It gets interesting when we move the camera in more closely and look at the performance of the people entrusted to manage the crisis. In all of these cases, and hundreds more, the pattern of errors is very similar - and yet the circumstances, the type of organisation and the countries involved are all so different. What we are observing arises from the dynamics and pressures that are unique to crises. So what do we know about this strange environment, and why is it so different to the "normal" world in which the same people presumably perform with less catastrophic consequences?

We should start by defining a crisis. For the purposes of this study, a crisis is an unplanned (but not necessarily unexpected) event that calls for real time high level strategic decisions in circumstances where making the wrong decisions, or not responding quickly or proactively enough, could seriously harm the organisation. Because of the type of issues involved and the penalties of failure, the crisis response group, typically assembled ad hoc, usually includes board members plus the relevant technical specialists. A catastrophe that triggers a technical response, such as an IT resumption plan or a business continuity plan, is not a crisis. A crisis, within this context, is characterised by:

  • The need to make major strategic decisions based on incomplete and/or unreliable information
  • Massive time pressures
  • Often, intense interest by the media, analysts, regulators and others
  • Often, allegations by the media and others that have to be countered
  • Usually, handling a crisis with the characteristics noted here is completely outside the experience of those involved.

This article describes the psychological processes that affect crisis teams, and describes the search for a way of combating those processes. Had the techniques outlined (Dynamic crisis management) become universal a decade ago, companies would have avoided the loss of millions of pounds in share and brand value, the UK would have avoided billions of pounds worth of damage to its economy and many lives would have been saved.

These characteristics were present in the examples noted above.

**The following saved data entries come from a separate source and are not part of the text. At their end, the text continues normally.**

(* For every $u\in L_{\mathrm{up}}$, the set $F_u$ is $2$-thin, i.e. every vertex $v\in V$ lies in $V_\ell$ for at most two links $\ell\in F_u$.
   Context: Let $(G=(V,E),L,w)$ be a WTAP instance (spanning tree $G$, links $L\subseteq\binom V2$, weights $w>0$) with a fixed root $r\in V$, and let $F\subseteq L$ be a WTAP solution, i.e. $\bigcup_{\ell\in F}P_\ell=E$, where $P_\ell$ is the edge set of the tree path between the endpoints of $\ell$ and $V_\ell$ its vertex set. Ancestors of $v$ are the vertices on the $r$-$v$ path in $G$ (including $r$ and $v$); descendants are defined reciprocally. $\mathrm{apex}(\ell)$ is the vertex of $V_\ell$ closest to $r$. An up-link is a link $\{t,b\}$ with $t$ an ancestor of $b$; $L_{\mathrm{up}}$ is the set of up-links. For $v\in V$ let $B_v=\{\ell\in F\colon\mathrm{apex}(\ell)\text{ is a descendant of }v\}$. For an up-link $u=\{t,b\}$ with $t$ an ancestor of $b$, let $v_u$ be the ancestor of $t$ farthest from $r$ such that $P_u\subseteq\bigcup_{\ell\in B_{v_u}}P_\ell$, and fix $F_u\subseteq B_{v_u}$ inclusion-wise minimal with $P_u\subseteq\bigcup_{\ell\in F_u}P_\ell$. *)

From mathcomp Require Import all_boot.
Set Implicit Arguments. Unset Strict Implicit. Unset Printing Implicit Defensive.

Section WTAP.
Variable T : finType.
Variable e : rel T.

Definition tpath (x y : T) (p : seq T) : bool :=
  [&& path e x p, last x p == y & uniq (x :: p)].

Definition is_tree : Prop :=
  [/\ symmetric e, irreflexive e & forall x y, exists! p, tpath x y p].

Definition onVpath (x y z : T) : Prop :=
  exists p, tpath x y p /\ z \in x :: p.

Definition onEpath (x y a b : T) : Prop :=
  exists p, tpath x y p /\
    ((a, b) \in zip (x :: p) p \/ (b, a) \in zip (x :: p) p).

(* links are 2-element vertex sets; V_l and P_l *)
Definition link_V (l : {set T}) (z : T) : Prop :=
  exists x y, l = [set x; y] /\ onVpath x y z.
Definition link_E (l : {set T}) (a b : T) : Prop :=
  exists x y, l = [set x; y] /\ onEpath x y a b.

Definition is_link_set (L : {set {set T}}) : Prop :=
  forall l, l \in L -> #|l| = 2.

Variable r : T.

Definition ancestor (a v : T) : Prop := onVpath r v a.

Definition depth_le (a b : T) : Prop :=
  forall p q, tpath r a p -> tpath r b q -> size p <= size q.

Definition is_apex (l : {set T}) (a : T) : Prop :=
  link_V l a /\ forall z, link_V l z -> depth_le a z.

Definition in_B (F : {set {set T}}) (v : T) (l : {set T}) : Prop :=
  l \in F /\ exists a, is_apex l a /\ ancestor v a.

Definition covered_by (Fs : {set T} -> Prop) (u : {set T}) : Prop :=
  forall a b, link_E u a b -> exists l, Fs l /\ link_E l a b.

Definition wtap_solution (L F : {set {set T}}) : Prop :=
  F \subset L /\ forall a b, e a b -> exists l, l \in F /\ link_E l a b.

Definition is_vu (F : {set {set T}}) (t : T) (u : {set T}) (v : T) : Prop :=
  [/\ ancestor v t, covered_by (in_B F v) u &
      forall v', ancestor v' t -> covered_by (in_B F v') u -> depth_le v' v].

Definition is_Fu (F : {set {set T}}) (u : {set T}) (v : T)
  (Fu : {set {set T}}) : Prop :=
  [/\ forall l, l \in Fu -> in_B F v l,
      covered_by (fun l => l \in Fu) u &
      forall Fu' : {set {set T}}, Fu' \proper Fu -> ~ covered_by (fun l => l \in Fu') u].

Definition two_thin (Fu : {set {set T}}) : Prop :=
  forall z l1 l2 l3, l1 \in Fu -> l2 \in Fu -> l3 \in Fu ->
    l1 != l2 -> l1 != l3 -> l2 != l3 ->
    ~ [/\ link_V l1 z, link_V l2 z & link_V l3 z].

End WTAP.

From mathcomp Require Import all_boot zify.
From Stdlib Require Import Classical.

(* Minimality of F_u gives every link of F_u a private edge of P_u, covered by
   no other link of F_u; nothing else about F_u, L, the root or v_u is used.
   If three links of F_u shared a vertex z, let f be the private edge lying
   between the other two along P_u.  The two outer links do not cover f, so in
   the tree with f deleted each of them still joins z to its own private edge,
   i.e. to either side of f.  Then the endpoints of P_u stay connected in G - f,
   although f lies on their unique tree path. *)

Set Implicit Arguments.
Unset Strict Implicit.
Unset Printing Implicit Defensive.

Lemma connect_nth (T : finType) (R : rel T) (x0 : T) (s : seq T) (i k : nat) :
  i <= k -> (forall m, i <= m < k -> R (nth x0 s m) (nth x0 s m.+1)) ->
  connect R (nth x0 s i) (nth x0 s k).
Proof.
elim: k => [|k IHk]; first by rewrite leqn0 => /eqP->.
rewrite leq_eqVlt ltnS => /orP[/eqP-> _ //|ik] Rs.
by apply: connect_trans (IHk ik _) (connect1 (Rs k _)) => [m im|]; [apply: Rs|]; lia.
Qed.

Lemma mem_zip_nth (T : eqType) (x0 x : T) (p : seq T) (a c : T) :
  (a, c) \in zip (x :: p) p <->
  exists2 m, m < size p & a = nth x0 (x :: p) m /\ c = nth x0 (x :: p) m.+1.
Proof.
elim: p x => [|y p IHp] x /=; first by split=> // -[].
rewrite in_cons xpair_eqE; split.
- case/orP=> [/andP[/eqP-> /eqP->]|/IHp[m mp amc]]; first by exists 0.
  by exists m.+1.
- case=> -[_ [-> ->]|m mp amc]; first by rewrite !eqxx.
  by apply/orP; right; apply/IHp; exists m.
Qed.

Lemma middle_of_three (m1 m2 m3 : nat) : m1 != m2 -> m1 != m3 -> m2 != m3 ->
  [|| (m1 < m2 < m3) || (m3 < m2 < m1), (m2 < m1 < m3) || (m3 < m1 < m2)
    | (m1 < m3 < m2) || (m2 < m3 < m1)].
Proof. lia. Qed.

Section DeletedEdge.
Variables (T : finType) (e : rel T).

Definition del_edge (a b : T) : rel T :=
  fun x y => e x y && ~~ ((x == a) && (y == b) || (x == b) && (y == a)).

Lemma path_del_edgeE (a b x : T) (p : seq T) :
  path (del_edge a b) x p =
  path e x p && ~~ (((a, b) \in zip (x :: p) p) || ((b, a) \in zip (x :: p) p)).
Proof.
elim: p x => [|y p IHp] x //=; rewrite IHp !in_cons !xpair_eqE /del_edge.
rewrite (eq_sym a) (eq_sym b) (eq_sym b) (eq_sym a).
by case: (e x y); case: (path e y p); case: (x == a); case: (y == b);
  case: (x == b); case: (y == a); case: (_ \in _); case: (_ \in _).
Qed.

Lemma link_EC (l : {set T}) (a c : T) : link_E e l a c -> link_E e l c a.
Proof. by case=> x [y [-> [p [pxy ac]]]]; exists x, y; split; last exists p; tauto. Qed.

Lemma onVpath_end {x y z : T} : onVpath e x y z -> onVpath e x y y.
Proof.
by case=> p [pxy _]; exists p; case/and3P: (pxy) => _ /eqP {2}<- _; rewrite mem_last.
Qed.

Lemma onEpath_onVpath {x y a c : T} : onEpath e x y a c -> onVpath e x y a.
Proof.
case=> p [pxy ac]; exists p; split=> //.
by case: ac => /(mem_zip_nth x)[m mp [ha hc]];
  [rewrite ha | rewrite hc]; apply: mem_nth; rewrite /= ltnS ?(ltnW mp).
Qed.

Hypothesis e_sym : symmetric e.

Lemma del_edge_sym (a b : T) : symmetric (del_edge a b).
Proof.
move=> x y; rewrite /del_edge e_sym; congr (_ && ~~ _).
by case: (x == a); case: (y == b); case: (x == b); case: (y == a).
Qed.

Lemma onVpath_connect {f g x y z : T} :
  ~ onEpath e x y f g -> onVpath e x y z -> connect (del_edge f g) x z.
Proof.
move=> noE [p [pxy zp]]; apply: path_connect zp.
rewrite path_del_edgeE; case/and3P: (pxy) => -> _ _ /=.
by apply/negP => /orP fgp; apply: noE; exists p; split.
Qed.

Lemma link_V_connect (l : {set T}) (z a c f g : T) :
  link_V e l z -> link_E e l a c -> ~ link_E e l f g ->
  connect (del_edge f g) z a.
Proof.
have Csym := sym_connect_sym (del_edge_sym f g).
move=> [x [y [-> xyz]]] [x' [y' [ll' x'y'a]]] noE.
have noE' (x0 y0 : T) : [set x; y] = [set x0; y0] -> ~ onEpath e x0 y0 f g.
  by move=> l0 fg; apply: noE; exists x0, y0.
have zx : connect (del_edge f g) z x.
  by rewrite Csym; apply: (onVpath_connect _ xyz); apply: noE'.
have xy : connect (del_edge f g) x y.
  by apply: (onVpath_connect _ (onVpath_end xyz)); apply: noE'.
have zx' : connect (del_edge f g) z x'.
  have : x' \in [set x; y] by rewrite ll' set21.
  by case/set2P=> ->; last apply: connect_trans xy.
apply: connect_trans zx' _; apply: (onVpath_connect _ (onEpath_onVpath x'y'a)).
exact: noE'.
Qed.

End DeletedEdge.

Lemma minimal_cover_private_edge (T : finType) (e : rel T) (u l : {set T})
    (Fu : {set {set T}}) :
  covered_by e (fun l => l \in Fu) u ->
  (forall Fu' : {set {set T}}, Fu' \proper Fu -> ~ covered_by e (fun l => l \in Fu') u) ->
  l \in Fu -> exists a c, [/\ link_E e u a c, link_E e l a c &
    forall l', l' \in Fu -> l' != l -> ~ link_E e l' a c].
Proof.
move=> cov min lFu; apply: NNPP => noPriv; apply: (min _ (properD1 lFu)) => a c uac.
have [l' [l'Fu l'ac]] := cov a c uac.
case: (eqVneq l' l) => [l'l | l'l]; last by exists l'; rewrite in_setD1 l'l.
subst l'; apply: NNPP => noOther; apply: noPriv; exists a, c; split=> // l'' l''Fu l''l l''ac.
by apply: noOther; exists l''; rewrite in_setD1 l''l.
Qed.

Section Tree.
Variables (T : finType) (e : rel T).
Hypothesis e_tree : is_tree e.

Let e_sym : symmetric e. Proof. by case: e_tree. Qed.

Lemma tpath_uniq (x y : T) (p q : seq T) : tpath e x y p -> tpath e x y q -> p = q.
Proof. by case: e_tree => _ _ /(_ x y)[p0 [_ uniq_p0]] /uniq_p0<- /uniq_p0<-. Qed.

Lemma tpath_cut (x y a c : T) (p : seq T) : tpath e x y p ->
  ((a, c) \in zip (x :: p) p) || ((c, a) \in zip (x :: p) p) ->
  ~~ connect (del_edge e a c) x y.
Proof.
move=> pxy acp; apply/negP => /connectP[q qdel y_q]; move: pxy; rewrite y_q.
case/shortenP: qdel => q' q'del uq' _ pxq'.
have q'xq' : tpath e x (last x q') q'.
  by rewrite /tpath eqxx uq' !andbT; apply: sub_path q'del => ? ? /andP[].
by move: q'del; rewrite path_del_edgeE -(tpath_uniq pxq' q'xq') acp andbF.
Qed.

Lemma link_cut (x y a c : T) : link_E e [set x; y] a c -> ~~ connect (del_edge e a c) x y.
Proof.
have Csym := sym_connect_sym (del_edge_sym e_sym a c).
case=> x' [y' [ll' [p [px'y' /orP acp]]]]; apply: contra (tpath_cut px'y' acp) => xy.
have /set2P x'xy : x' \in [set x; y] by rewrite ll' set21.
have /set2P y'xy : y' \in [set x; y] by rewrite ll' set22.
by case: x'xy y'xy => -> [] ->; rewrite // Csym.
Qed.

Section TreePath.
Variables (t b : T) (p : seq T).
Hypothesis tp : tpath e t b p.
Local Notation vtx m := (nth t (t :: p) m).

Lemma tpath_separates (i j k : nat) : i <= j < k -> k <= size p ->
  ~~ connect (del_edge e (vtx j) (vtx j.+1)) (vtx i) (vtx k).
Proof.
move=> /andP[ij jk] kp; case/and3P: (tp) => pe /eqP p_b up.
have step m : m < size p -> m != j -> del_edge e (vtx j) (vtx j.+1) (vtx m) (vtx m.+1).
  move=> mp mj; apply/andP; split; first exact: (pathP t pe).
  rewrite !nth_uniq //=; lia.
have vb : vtx (size p) = b by rewrite -p_b (nth_last t (t :: p)).
have jp : (vtx j, vtx j.+1) \in zip (t :: p) p.
  by apply/(mem_zip_nth t); exists j; first exact: leq_trans jk kp.
have := tpath_cut tp (a := vtx j) (c := vtx j.+1); rewrite jp => /(_ isT).
apply: contra => ik; rewrite -vb.
apply: connect_trans (connect_nth (x0 := t) (s := t :: p) (leq0n i) _) _ => [m mi|].
  by apply: step; lia.
by apply: connect_trans ik (connect_nth kp _) => m km; apply: step; lia.
Qed.

Lemma link_edge_index (a c : T) : link_E e [set t; b] a c ->
  exists2 m, m < size p & forall l, link_E e l a c <-> link_E e l (vtx m) (vtx m.+1).
Proof.
move=> /link_cut tb_cut.
have : ((a, c) \in zip (t :: p) p) || ((c, a) \in zip (t :: p) p).
  apply: contraNT tb_cut => noac; case/and3P: tp => pe /eqP <- _.
  by apply: (path_connect (p := p)); rewrite ?mem_last // path_del_edgeE pe noac.
case/orP => /(mem_zip_nth t)[m mp [-> ->]]; exists m => // l.
by split; apply: link_EC.
Qed.

Variable Fu : {set {set T}}.

Definition private_edge (l : {set T}) (m : nat) : Prop :=
  [/\ m < size p, link_E e l (vtx m) (vtx m.+1) &
      forall l', l' \in Fu -> l' != l -> ~ link_E e l' (vtx m) (vtx m.+1)].

Lemma exists_private_edge (l : {set T}) :
  covered_by e (fun l => l \in Fu) [set t; b] ->
  (forall Fu' : {set {set T}}, Fu' \proper Fu ->
     ~ covered_by e (fun l => l \in Fu') [set t; b]) ->
  l \in Fu -> exists m, private_edge l m.
Proof.
move=> cov min lFu; have [a [c [tbac lac priv]]] := minimal_cover_private_edge cov min lFu.
have [m mp acm] := link_edge_index tbac; exists m; split=> //; first by apply/acm.
by move=> l' l'Fu l'l /acm; apply: priv.
Qed.

Lemma private_edge_inj (l l' : {set T}) (m : nat) :
  l \in Fu -> private_edge l m -> private_edge l' m -> l = l'.
Proof. by move=> lFu [_ lm _] [_ _ priv']; case: (eqVneq l l') => // /(priv' l lFu). Qed.

Lemma private_edges_not_nested (li lj lk : {set T}) (i j k : nat) (z : T) :
  (i < j < k) || (k < j < i) -> li \in Fu -> lk \in Fu -> li != lj -> lk != lj ->
  private_edge li i -> private_edge lj j -> private_edge lk k ->
  link_V e li z -> link_V e lk z -> False.
Proof.
wlog ijk : li lk i k / i < j < k.
  move=> gen /orP[ijk | kji] *; [apply: (gen li lk i k) | apply: (gen lk li k i)];
    by rewrite ?ijk ?kji ?orbT.
move=> _ liFu lkFu lilj lklj [_ li_i _] [_ _ privj] [kp lk_k _] zli zlk.
have zi := link_V_connect e_sym zli li_i (privj _ liFu lilj).
have zk := link_V_connect e_sym zlk lk_k (privj _ lkFu lklj).
have ijk' : i <= j < k by case/andP: ijk => /ltnW -> ->.
apply: (negP (tpath_separates ijk' (ltnW kp))).
by apply: connect_trans zk; rewrite (sym_connect_sym (del_edge_sym e_sym _ _)).
Qed.

Lemma private_edges_two_thin (z : T) (l1 l2 l3 : {set T}) (m1 m2 m3 : nat) :
  l1 \in Fu -> l2 \in Fu -> l3 \in Fu -> l1 != l2 -> l1 != l3 -> l2 != l3 ->
  private_edge l1 m1 -> private_edge l2 m2 -> private_edge l3 m3 ->
  ~ [/\ link_V e l1 z, link_V e l2 z & link_V e l3 z].
Proof.
move=> l1Fu l2Fu l3Fu l12 l13 l23 p1 p2 p3 [z1 z2 z3].
have neq l l' m m' :
    l \in Fu -> l != l' -> private_edge l m -> private_edge l' m' -> m != m'.
  move=> lFu ll' pm pm'; apply: contra_neq ll' => mm'.
  by rewrite mm' in pm; apply: private_edge_inj pm pm'.
have := middle_of_three (neq _ _ _ _ l1Fu l12 p1 p2) (neq _ _ _ _ l1Fu l13 p1 p3)
  (neq _ _ _ _ l2Fu l23 p2 p3).
case/or3P => mid.
- by apply: (private_edges_not_nested mid l1Fu l3Fu l12 _ p1 p2 p3 z1 z3); rewrite eq_sym.
- by apply: (private_edges_not_nested mid l2Fu l3Fu _ _ p2 p1 p3 z2 z3); rewrite eq_sym.
- exact: (private_edges_not_nested mid l1Fu l2Fu l13 l23 p1 p3 p2 z1 z2).
Qed.

End TreePath.
End Tree.

Theorem lemma11 (T : finType) (e : rel T) (r : T) (L F : {set {set T}})
  (t b v : T) (Fu : {set {set T}}) :
  is_tree e -> is_link_set L -> wtap_solution e L F ->
  [set t; b] \in L -> t != b -> ancestor e r t b ->
  is_vu e r F t [set t; b] v ->
  is_Fu e r F [set t; b] v Fu ->
  two_thin e Fu.
Proof.
move=> tree _ _ _ _ _ _ [_ cov min] z l1 l2 l3 l1Fu l2Fu l3Fu l12 l13 l23.
have [p tp] : exists p, tpath e t b p by case: tree => _ _ /(_ t b)[p []]; exists p.
have [m1 p1] := exists_private_edge tree tp cov min l1Fu.
have [m2 p2] := exists_private_edge tree tp cov min l2Fu.
have [m3 p3] := exists_private_edge tree tp cov min l3Fu.
exact: (private_edges_two_thin tree tp l1Fu l2Fu l3Fu l12 l13 l23 p1 p2 p3).
Qed.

In addition, there are two other characteristics that are common to the way in which crises are handled. The first, known as Group Think, was first linked to crisis handling in the enquiry into the NASA O ring disaster. The engineers in the decision making group were pressured by the commercial majority into agreeing to a launch that they felt could be unsafe. Group think has been defined as “The tendency for members of a cohesive group to reach decisions without weighing all the facts, especially those contradicting the majority opinion”

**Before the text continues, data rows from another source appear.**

(* A nonzero polynomial cannot vanish at the [size p] distinct points
   [c + (d - c) / (k + 2)], [k < size p]. *)
Lemma poly_nonroot_between (p : {poly R}) c d : (p != 0)%R -> c < d ->
  exists x, c < x < d /\ p.[x]%R <> 0.
Proof.
  move=> Hp Hcd. apply: Classical_Prop.NNPP => N.
  set pt := fun k : nat => c + (d - c) / (INR k + 2).
  have Hpt : forall k : nat, c < pt k < d.
  { move=> k. have := pos_INR k => Hk. rewrite /pt. split.
    - have : 0 < (d - c) / (INR k + 2) by apply: Rdiv_lt_0_compat; lra. lra.
    - have : (d - c) / (INR k + 2) < d - c; last lra.
      apply: (Rmult_lt_reg_r (INR k + 2)); first lra.
      rewrite /Rdiv Rmult_assoc Rinv_l; nra. }
  have Hroots : all (root p) (map pt (iota 0 (size p))).
  { apply/allP => _ /mapP [k _ ->]. apply/eqP. apply: Classical_Prop.NNPP => Hne.
    apply: N. exists (pt k). by split; [apply: Hpt|]. }
  have Huniq : uniq (map pt (iota 0 (size p))).
  { rewrite map_inj_uniq ?iota_uniq // => k1 k2 E.
    have E' : / (INR k1 + 2) = / (INR k2 + 2).
    { apply: (Rmult_eq_reg_l (d - c)); last lra. move: E. rewrite /pt /Rdiv. lra. }
    apply: INR_eq. have := Rinv_eq_reg _ _ E'. lra. }
  have := max_poly_roots Hp Hroots Huniq. by rewrite size_map size_iota ltnn.
Qed.

Section Moments.
Variables a b g A B t : R.
Hypotheses (ha : 0 < a) (hb : 0 < b) (hg : 0 < g) (hA : 0 <= A) (hAB : 0 <= A + B)
  (ht0 : 0 < t) (ht1 : t < 1).
Let w := weight a b g A B t.

Definition Iw (q : {poly R}) := Int01 (fun x => q.[x]%R * w x).
Definition Iw_div_x (q : {poly R}) := Int01 (fun x => q.[x]%R * w x / x).
Definition Iw_div_1x (q : {poly R}) := Int01 (fun x => q.[x]%R * w x / (1 - x)).

Lemma horner_bounded01 (q : {poly R}) :
  exists M, forall x, 0 < x < 1 -> Rabs (q.[x]%R) <= M.
Proof. have [M HM] := horner_bounded q. exists M => x Hx. apply: HM. lra. Qed.

Lemma is_RInt01_Iw q : is_RInt01 (fun x => q.[x]%R * w x) (Iw q).
Proof.
  have [M HM] := horner_bounded01 q.
  have [l Hl] := ex_RInt01_weight a b g A B t ha hb hg hA hAB ht0 ht1 _ M
    (fun x _ => continuous_horner q x) HM.
  by rewrite /Iw (Int01_correct _ _ Hl).
Qed.

Lemma is_RInt01_Iw_div_x q : is_RInt01 (fun x => q.[x]%R * w x / x) (Iw_div_x q).
Proof.
  have [M HM] := horner_bounded01 q.
  have [l Hl] := ex_RInt01_weight_div_x a b g A B t ha hb hg hA hAB ht0 ht1 _ M
    (fun x _ => continuous_horner q x) HM.
  by rewrite /Iw_div_x (Int01_correct _ _ Hl).
Qed.

Lemma is_RInt01_Iw_div_1x q : is_RInt01 (fun x => q.[x]%R * w x / (1 - x)) (Iw_div_1x q).
Proof.
  have [M HM] := horner_bounded01 q.
  have [l Hl] := ex_RInt01_weight_div_1x a b g A B t ha hb hg hA hAB ht0 ht1 _ M
    (fun x _ => continuous_horner q x) HM.
  by rewrite /Iw_div_1x (Int01_correct _ _ Hl).
Qed.

Lemma IwD p q : Iw (p + q) = Iw p + Iw q.
Proof.
  apply: Int01_correct. apply: is_RInt01_ext (is_RInt01_plus _ _ _ _ (is_RInt01_Iw p) (is_RInt01_Iw q)).
  move=> x _ /=. rewrite hornerD -RplusE. by rewrite Rmult_plus_distr_r.
Qed.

The circumstances necessary for Group think are:

  1. A cohesive group.
  2. Isolation of the group from outside influences.
  3. No systematic procedures for considering pros & cons of different courses of action.
  4. A directive leader who explicitly favors a particular course of action.
  5. High stress.

The unfortunate consequences of group think, present in the handling of so many crises, are:

  • Incomplete survey of the group's objectives and alternative courses of action.
  • Not examining the risks of the preferred choice.
  • Poor/incomplete search for relevant information.
  • Selective bias in processing information at hand.
  • Not reappraising rejected alternatives.
  • Not developing contingency plans for the failure of actions agreed by the group.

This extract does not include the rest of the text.